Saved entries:
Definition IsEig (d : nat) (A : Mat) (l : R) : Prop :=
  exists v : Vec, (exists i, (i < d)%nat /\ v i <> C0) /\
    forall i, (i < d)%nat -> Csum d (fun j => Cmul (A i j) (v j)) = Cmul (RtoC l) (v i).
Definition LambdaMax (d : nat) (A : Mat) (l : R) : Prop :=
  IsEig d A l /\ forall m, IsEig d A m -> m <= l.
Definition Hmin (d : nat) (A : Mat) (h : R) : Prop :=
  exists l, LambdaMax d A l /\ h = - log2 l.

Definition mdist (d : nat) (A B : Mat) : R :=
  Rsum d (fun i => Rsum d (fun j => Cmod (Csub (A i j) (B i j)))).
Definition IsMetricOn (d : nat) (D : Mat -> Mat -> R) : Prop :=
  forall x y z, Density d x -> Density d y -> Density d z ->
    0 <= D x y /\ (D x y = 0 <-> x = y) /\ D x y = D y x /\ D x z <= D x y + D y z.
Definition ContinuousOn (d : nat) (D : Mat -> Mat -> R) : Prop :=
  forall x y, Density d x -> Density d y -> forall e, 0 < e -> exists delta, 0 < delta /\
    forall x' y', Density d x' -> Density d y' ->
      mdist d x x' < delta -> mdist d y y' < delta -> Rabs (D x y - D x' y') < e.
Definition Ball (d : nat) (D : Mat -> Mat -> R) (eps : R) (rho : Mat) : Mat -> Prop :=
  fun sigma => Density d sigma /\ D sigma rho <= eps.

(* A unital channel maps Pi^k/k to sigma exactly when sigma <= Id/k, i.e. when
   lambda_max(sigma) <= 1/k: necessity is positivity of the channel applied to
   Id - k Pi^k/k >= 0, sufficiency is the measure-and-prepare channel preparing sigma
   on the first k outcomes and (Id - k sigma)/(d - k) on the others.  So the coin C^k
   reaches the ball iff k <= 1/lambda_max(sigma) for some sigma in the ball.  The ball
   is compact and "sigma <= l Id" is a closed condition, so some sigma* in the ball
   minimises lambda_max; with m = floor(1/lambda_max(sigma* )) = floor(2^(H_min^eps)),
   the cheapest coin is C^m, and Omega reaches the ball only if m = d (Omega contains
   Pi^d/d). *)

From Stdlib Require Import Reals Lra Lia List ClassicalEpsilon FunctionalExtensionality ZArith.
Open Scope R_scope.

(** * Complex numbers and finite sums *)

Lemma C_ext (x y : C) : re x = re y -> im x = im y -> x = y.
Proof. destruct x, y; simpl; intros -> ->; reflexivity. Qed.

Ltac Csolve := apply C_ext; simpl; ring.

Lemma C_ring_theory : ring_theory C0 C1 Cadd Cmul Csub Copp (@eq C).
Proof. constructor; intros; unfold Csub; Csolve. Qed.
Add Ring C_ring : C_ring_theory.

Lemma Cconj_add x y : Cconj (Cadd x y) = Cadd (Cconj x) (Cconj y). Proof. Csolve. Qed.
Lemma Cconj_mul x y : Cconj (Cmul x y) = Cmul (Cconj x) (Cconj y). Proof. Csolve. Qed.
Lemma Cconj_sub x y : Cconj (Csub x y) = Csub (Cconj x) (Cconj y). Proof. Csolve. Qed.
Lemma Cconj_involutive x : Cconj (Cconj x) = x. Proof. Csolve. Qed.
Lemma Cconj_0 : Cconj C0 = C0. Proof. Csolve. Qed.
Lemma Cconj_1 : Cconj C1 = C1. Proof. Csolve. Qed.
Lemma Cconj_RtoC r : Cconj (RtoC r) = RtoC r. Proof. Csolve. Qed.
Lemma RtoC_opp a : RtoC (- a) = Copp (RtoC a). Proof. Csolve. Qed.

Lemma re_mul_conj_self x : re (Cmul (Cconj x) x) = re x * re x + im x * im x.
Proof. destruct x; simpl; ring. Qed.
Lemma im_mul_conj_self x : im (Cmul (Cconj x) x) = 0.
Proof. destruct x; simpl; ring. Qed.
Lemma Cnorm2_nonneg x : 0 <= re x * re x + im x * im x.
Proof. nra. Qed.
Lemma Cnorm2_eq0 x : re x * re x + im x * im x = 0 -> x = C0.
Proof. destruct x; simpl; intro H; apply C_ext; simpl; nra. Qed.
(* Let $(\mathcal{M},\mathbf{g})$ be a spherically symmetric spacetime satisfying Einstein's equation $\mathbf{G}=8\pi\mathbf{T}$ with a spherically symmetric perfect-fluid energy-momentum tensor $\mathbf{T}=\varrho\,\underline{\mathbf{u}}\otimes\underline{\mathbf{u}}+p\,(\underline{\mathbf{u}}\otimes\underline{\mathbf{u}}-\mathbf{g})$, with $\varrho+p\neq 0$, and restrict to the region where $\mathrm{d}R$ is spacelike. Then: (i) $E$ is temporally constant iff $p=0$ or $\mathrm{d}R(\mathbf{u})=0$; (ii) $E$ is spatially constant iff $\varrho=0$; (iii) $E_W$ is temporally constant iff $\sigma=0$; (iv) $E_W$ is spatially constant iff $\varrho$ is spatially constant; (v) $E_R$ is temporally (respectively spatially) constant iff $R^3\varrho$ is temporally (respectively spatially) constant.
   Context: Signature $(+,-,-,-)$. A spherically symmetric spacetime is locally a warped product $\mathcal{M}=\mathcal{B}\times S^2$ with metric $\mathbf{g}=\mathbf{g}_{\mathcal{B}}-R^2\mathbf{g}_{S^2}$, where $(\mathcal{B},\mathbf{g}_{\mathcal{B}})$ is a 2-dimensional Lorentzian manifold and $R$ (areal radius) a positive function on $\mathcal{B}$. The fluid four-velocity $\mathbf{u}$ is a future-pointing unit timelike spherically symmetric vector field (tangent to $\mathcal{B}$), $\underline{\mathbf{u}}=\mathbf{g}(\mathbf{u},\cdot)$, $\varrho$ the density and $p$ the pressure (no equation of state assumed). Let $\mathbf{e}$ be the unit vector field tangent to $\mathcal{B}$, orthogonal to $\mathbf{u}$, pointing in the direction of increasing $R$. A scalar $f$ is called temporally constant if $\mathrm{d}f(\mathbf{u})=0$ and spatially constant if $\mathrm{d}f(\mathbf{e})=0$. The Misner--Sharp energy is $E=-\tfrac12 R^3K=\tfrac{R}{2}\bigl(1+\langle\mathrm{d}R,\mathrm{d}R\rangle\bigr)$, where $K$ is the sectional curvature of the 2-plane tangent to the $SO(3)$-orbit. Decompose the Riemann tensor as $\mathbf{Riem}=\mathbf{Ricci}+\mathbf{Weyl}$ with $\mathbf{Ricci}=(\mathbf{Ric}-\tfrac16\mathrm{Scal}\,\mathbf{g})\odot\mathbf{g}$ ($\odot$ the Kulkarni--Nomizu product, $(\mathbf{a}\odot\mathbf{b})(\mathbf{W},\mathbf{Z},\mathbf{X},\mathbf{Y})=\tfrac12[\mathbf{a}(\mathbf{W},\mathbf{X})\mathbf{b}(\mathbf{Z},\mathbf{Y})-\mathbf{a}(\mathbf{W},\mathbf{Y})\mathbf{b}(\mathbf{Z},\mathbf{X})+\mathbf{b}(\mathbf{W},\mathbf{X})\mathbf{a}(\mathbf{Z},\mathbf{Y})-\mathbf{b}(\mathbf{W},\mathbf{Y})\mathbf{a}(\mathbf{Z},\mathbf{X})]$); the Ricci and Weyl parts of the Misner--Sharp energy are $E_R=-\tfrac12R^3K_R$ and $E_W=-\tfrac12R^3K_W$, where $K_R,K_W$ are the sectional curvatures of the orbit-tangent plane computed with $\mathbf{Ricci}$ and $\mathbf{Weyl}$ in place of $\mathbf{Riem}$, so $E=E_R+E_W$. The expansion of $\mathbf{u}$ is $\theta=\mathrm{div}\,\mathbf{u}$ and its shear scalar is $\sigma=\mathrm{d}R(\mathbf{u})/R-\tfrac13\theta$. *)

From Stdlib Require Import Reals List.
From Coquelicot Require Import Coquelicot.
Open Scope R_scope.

= About this task =
Would you output, from the records above, exactly the run of lines that starts at the line containing "forall x y, Density" and ends at the line containing "(* A unital", and only that run?

= Task solution =
  forall x y, Density d x -> Density d y -> forall e, 0 < e -> exists delta, 0 < delta /\
    forall x' y', Density d x' -> Density d y' ->
      mdist d x x' < delta -> mdist d y y' < delta -> Rabs (D x y - D x' y') < e.
Definition Ball (d : nat) (D : Mat -> Mat -> R) (eps : R) (rho : Mat) : Mat -> Prop :=
  fun sigma => Density d sigma /\ D sigma rho <= eps.

(* A unital channel maps Pi^k/k to sigma exactly when sigma <= Id/k, i.e. when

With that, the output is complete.